"What will it take for a Mindanao railroad system to finally become a reality?"
Every national economic plan drawn up by NEDA (National Economic and Development Authority) and its pre-1970s predecessor, NEC (National Economic Council) has included a project named Mindanao Rail System, i.e., a project for the installation of a railroad that would span the country's second largest island and bring together its varied lands and inhabitants. The Philippine Development Plan 2017-2022 is no exception, and the current national economic blueprint embodies a Mindanao railroad project.
The Mindanao rail project is, in fact, one of the highest-priority components of the Build, Build, Build program of the Duterte administration. One of the biggest chunks of the program's P8.4-trillion price tag has been earmarked for the project, whose enormity can be discussed from the fact that it will be implemented in three stages.
Of course, the Duterte administration and its predecessors are perfectly right to have accorded the highest priority to the installation of a railway system in Mindanao. This country's second largest island accounts for approximately 20 percent of the national population and is the source of much of this country's mineral and plantation-crop exports. If there is any part of the Philippines that needs and deserves a good railway system, it is Mindanao. Indeed, it can be convincingly argued that a major cause of the comparative underdevelopment of much of Mindanao is the absence of a reliable island-wide transportation system.

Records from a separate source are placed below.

Lemma step_list_repeat_split n M l : (n * n <= M)%nat -> step_list n (S M) l ->
  exists s r, (s < n)%nat /\ Permutation l (repeat s n ++ r).
Proof.
  intros HM [Hlen Hl].
  assert (Hex : exists s, (s < n)%nat /\ (n <= count_occ Nat.eq_dec l s)%nat).
  { apply NNPP. intros Hne.
    assert ((length l <= n * (n - 1))%nat).
    { apply length_le_count_occ_bound; auto. intros s Hs.
      destruct (le_lt_dec n (count_occ Nat.eq_dec l s)); [|lia].
      exfalso; apply Hne; exists s; auto. }
    nia. }
  destruct Hex as [s [Hs Hcnt]]. destruct (Permutation_repeat_count s n l Hcnt) as [r Hr].
  exists s, r. auto.
Qed.

(* A walk with more than n^2 steps repeats some step n times; since n equal steps
   sum to 0 mod n, they can be traded for n - 1 copies of a critical step c plus one
   extra c pulled out in front without decreasing the weight. *)
Lemma step_list_exchange n a c L M l : (0 < n)%nat -> nonneg_vec n a ->
  (forall s, (s < n)%nat -> a s <= L) -> (c < n)%nat -> a c = L ->
  (n * n <= M)%nat -> step_list n (S M) l ->
  exists l', step_list n M l' /\ prodw a l <= L * prodw a l' /\
             forall i, ((i + suml l) mod n = ((i + suml l') mod n + c) mod n)%nat.
Proof.
  intros Hn Ha HL Hc HaL HM Hl.
  destruct (step_list_repeat_split n M l HM Hl) as [s [r [Hs Hr]]].
  destruct Hl as [Hlen Hl].
  assert (Hrl : forall y, In y r -> (y < n)%nat).
  { intros y Hy. apply Hl, Permutation_in with (repeat s n ++ r).
    - apply Permutation_sym; auto.
    - apply in_or_app; auto. }
  assert (Hlenr : length l = (n + length r)%nat).
  { rewrite (Permutation_length Hr), length_app, repeat_length. auto. }
  exists (repeat c (n - 1) ++ r). split; [|split].
  - split.
    + rewrite length_app, repeat_length. lia.
    + intros y Hy. apply in_app_or in Hy. destruct Hy as [Hy|Hy]; auto.
      apply repeat_spec in Hy. lia.
  - rewrite (prodw_perm a _ _ Hr), !prodw_app, !prodw_repeat, HaL, <- Rmult_assoc.
    replace (L * L ^ (n - 1)) with (L ^ n)
      by (destruct n; [lia|]; simpl; rewrite Nat.sub_0_r; reflexivity).
    apply Rmult_le_compat_r; [apply prodw_ge0 with n; auto|].
    apply pow_incr. split; [apply Ha|apply HL]; auto.
  - intros i. rewrite (suml_perm _ _ Hr), !suml_app, !suml_repeat, Nat.Div0.add_mod_idemp_l.
    destruct n as [|n']; [lia|].
    replace (i + (S n' * s + suml r))%nat with (i + suml r + s * S n')%nat by lia.
    replace (i + ((S n' - 1) * c + suml r) + c)%nat with (i + suml r + c * S n')%nat by nia.
    rewrite !Nat.Div0.mod_add. reflexivity.
Qed.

A railroad would be that system. In the same manner that the railroads spurred the economic development of Western Europe and opened up America's West and countries in Asia, Latin America and Africa, so the installation of a railroad will open up Mindanao's economy to more rapid development.
This is not to say that Mindanao has no transportation infrastructure to speak of; it has. There is the Sagre Highway that runs from north to south, and there are other stretches of highways funded by international sources of project financing (mainly the Asian Development Bank and World Bank) and bilateral ones (mainly the overseas aid agencies of Japan, the US and Australia). But the railroad is generally acknowledged to be the least expensive way of moving goods by land, not to mention the most secure way with greater dependability in a country highly vulnerable to the dire manifestations of climate change.
Unfortunately, official treatment of the Mindanao railway project over the decades has largely partaken of the nature of wishful thinking.
With President Rodrigo Duterte's term almost at mid-point, substantial initial work should by now have been done on the project. But the recent Senate hearing on the BBB program showed this to be not the case. The Mindanao railway project is not one of the nine projects—out of 75 'flagship' projects—that have either been completed or are nearing completion.
Is this situation likely to change during the remaining three and a half years of Mr. Duterte's term? On the basis of what is happening—or, more accurately, not happening—I don't think so. I think the Mindanao railroad project can be stricken off the list of likely-to-happen components of the BBB program.
What will it take for a Mindanao railroad system to finally become a reality? Total government resolve and 100-percent official focus—no hyperbole, no grandstanding, just activity on the ground—are the only things that will cause this desideratum to become a reality.
Massive as it is, a Mindanao railway system is a highly doable project. All the needed ingredients—money, technology and managerial capability—are there. All that are needed are government resolve and sustained official focus on the project. Until these latter factors are brought into play, the people of the great island of Mindanao are unlikely to get the rail system that they have long needed and deserved.